::: Records to use
(* Let $T>0$, $\xi\in C^{1+\beta}([0,T])$ with $\beta>1/2$, and $f\in C^{1/2}([0,T])$. For $0\le s<t\le T$ let $$K(t,s)=\frac{\xi(t)-\xi(s)}{t-s}\,\frac{e^{-\frac{(\xi(t)-\xi(s))^2}{4(t-s)}}}{(t-s)^{1/2}},$$ and define $g(t)=\int_0^tK(t,s)f(s)\,ds$ for $t\in[0,T]$. Then $g\in C^{1/2}([0,T])$. *)

From HB Require Import structures.
From mathcomp Require Import all_boot all_order all_algebra.
From mathcomp Require Import all_classical all_reals all_analysis.
Set Implicit Arguments. Unset Strict Implicit. Unset Printing Implicit Defensive.
Import Order.TTheory GRing.Theory Num.Theory.
Import numFieldNormedType.Exports.
Local Open Scope classical_set_scope.
Local Open Scope ring_scope.

Definition holder_on {R : realType} (a b alpha : R) (f : R -> R) : Prop :=
  exists C : R, forall x y : R, a <= x <= b -> a <= y <= b ->
    `|f x - f y| <= C * (`|x - y| `^ alpha).

Definition C1beta {R : realType} (T beta : R) (xi : R -> R) : Prop :=
  {within `[0, T], continuous xi} /\
  exists dxi : R -> R,
    (forall x : R, 0 < x < T -> is_derive x 1 xi (dxi x)) /\
    holder_on 0 T beta dxi.

(* The kernel K(t,s); at s = t it evaluates to 0 (a null set, irrelevant). *)
Definition kernelK {R : realType} (xi : R -> R) (t s : R) : R :=
  (xi t - xi s) / (t - s) *
  (expR (- ((xi t - xi s) ^+ 2 / (4 * (t - s)))) / Num.sqrt (t - s)).

Definition gfun {R : realType} (xi f : R -> R) (t : R) : R :=
  Rintegral (@lebesgue_measure R) `[0, t] (fun s => kernelK xi t s * f s).

(* Write K(t,s) = D(t,s) E(t,s) (t-s)^(-1/2), with D the difference quotient of xi
   and E the Gaussian factor.  By the mean value theorem |D| <= M, and since xi' is
   beta-Hoelder with beta >= 1/2, D(., s) is 1/2-Hoelder; as exp(-x) is 1-Lipschitz on
   [0, +oo), E(., s) is 1/2-Hoelder as well.  Hence |K(t,s)| <= M (t-s)^(-1/2) and
   |K(t',s) - K(t,s)| <= M ((t-s)^(-1/2) - (t'-s)^(-1/2)) + L (t'-t)^(1/2) (t-s)^(-1/2).
   Splitting g(t') - g(t) into the integral of K(t',.) f over ]t, t'] and the integral
   of (K(t',.) - K(t,.)) f over [0, t[, and integrating the singularity (c-s)^(-1/2)
   explicitly, both pieces are O((t'-t)^(1/2)); f only enters through a bound. *)

From HB Require Import structures.
From mathcomp Require Import all_boot all_order all_algebra.
From mathcomp Require Import all_classical all_reals all_analysis.
From mathcomp Require Import ring lra.
From mathcomp Require Import measurable_realfun.
Set Implicit Arguments. Unset Strict Implicit. Unset Printing Implicit Defensive.
Import Order.TTheory GRing.Theory Num.Theory.
Import numFieldNormedType.Exports.
Local Open Scope classical_set_scope.
Local Open Scope ring_scope.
::::::
Instructions to follow: Nothing but the lines from the first line of the data through the line with "and E the Gaussian" should be returned, exactly as they appear, both ends included.

Exercise solution:
(* Let $T>0$, $\xi\in C^{1+\beta}([0,T])$ with $\beta>1/2$, and $f\in C^{1/2}([0,T])$. For $0\le s<t\le T$ let $$K(t,s)=\frac{\xi(t)-\xi(s)}{t-s}\,\frac{e^{-\frac{(\xi(t)-\xi(s))^2}{4(t-s)}}}{(t-s)^{1/2}},$$ and define $g(t)=\int_0^tK(t,s)f(s)\,ds$ for $t\in[0,T]$. Then $g\in C^{1/2}([0,T])$. *)

From HB Require Import structures.
From mathcomp Require Import all_boot all_order all_algebra.
From mathcomp Require Import all_classical all_reals all_analysis.
Set Implicit Arguments. Unset Strict Implicit. Unset Printing Implicit Defensive.
Import Order.TTheory GRing.Theory Num.Theory.
Import numFieldNormedType.Exports.
Local Open Scope classical_set_scope.
Local Open Scope ring_scope.

Definition holder_on {R : realType} (a b alpha : R) (f : R -> R) : Prop :=
  exists C : R, forall x y : R, a <= x <= b -> a <= y <= b ->
    `|f x - f y| <= C * (`|x - y| `^ alpha).

Definition C1beta {R : realType} (T beta : R) (xi : R -> R) : Prop :=
  {within `[0, T], continuous xi} /\
  exists dxi : R -> R,
    (forall x : R, 0 < x < T -> is_derive x 1 xi (dxi x)) /\
    holder_on 0 T beta dxi.

(* The kernel K(t,s); at s = t it evaluates to 0 (a null set, irrelevant). *)
Definition kernelK {R : realType} (xi : R -> R) (t s : R) : R :=
  (xi t - xi s) / (t - s) *
  (expR (- ((xi t - xi s) ^+ 2 / (4 * (t - s)))) / Num.sqrt (t - s)).

Definition gfun {R : realType} (xi f : R -> R) (t : R) : R :=
  Rintegral (@lebesgue_measure R) `[0, t] (fun s => kernelK xi t s * f s).

(* Write K(t,s) = D(t,s) E(t,s) (t-s)^(-1/2), with D the difference quotient of xi
   and E the Gaussian factor.  By the mean value theorem |D| <= M, and since xi' is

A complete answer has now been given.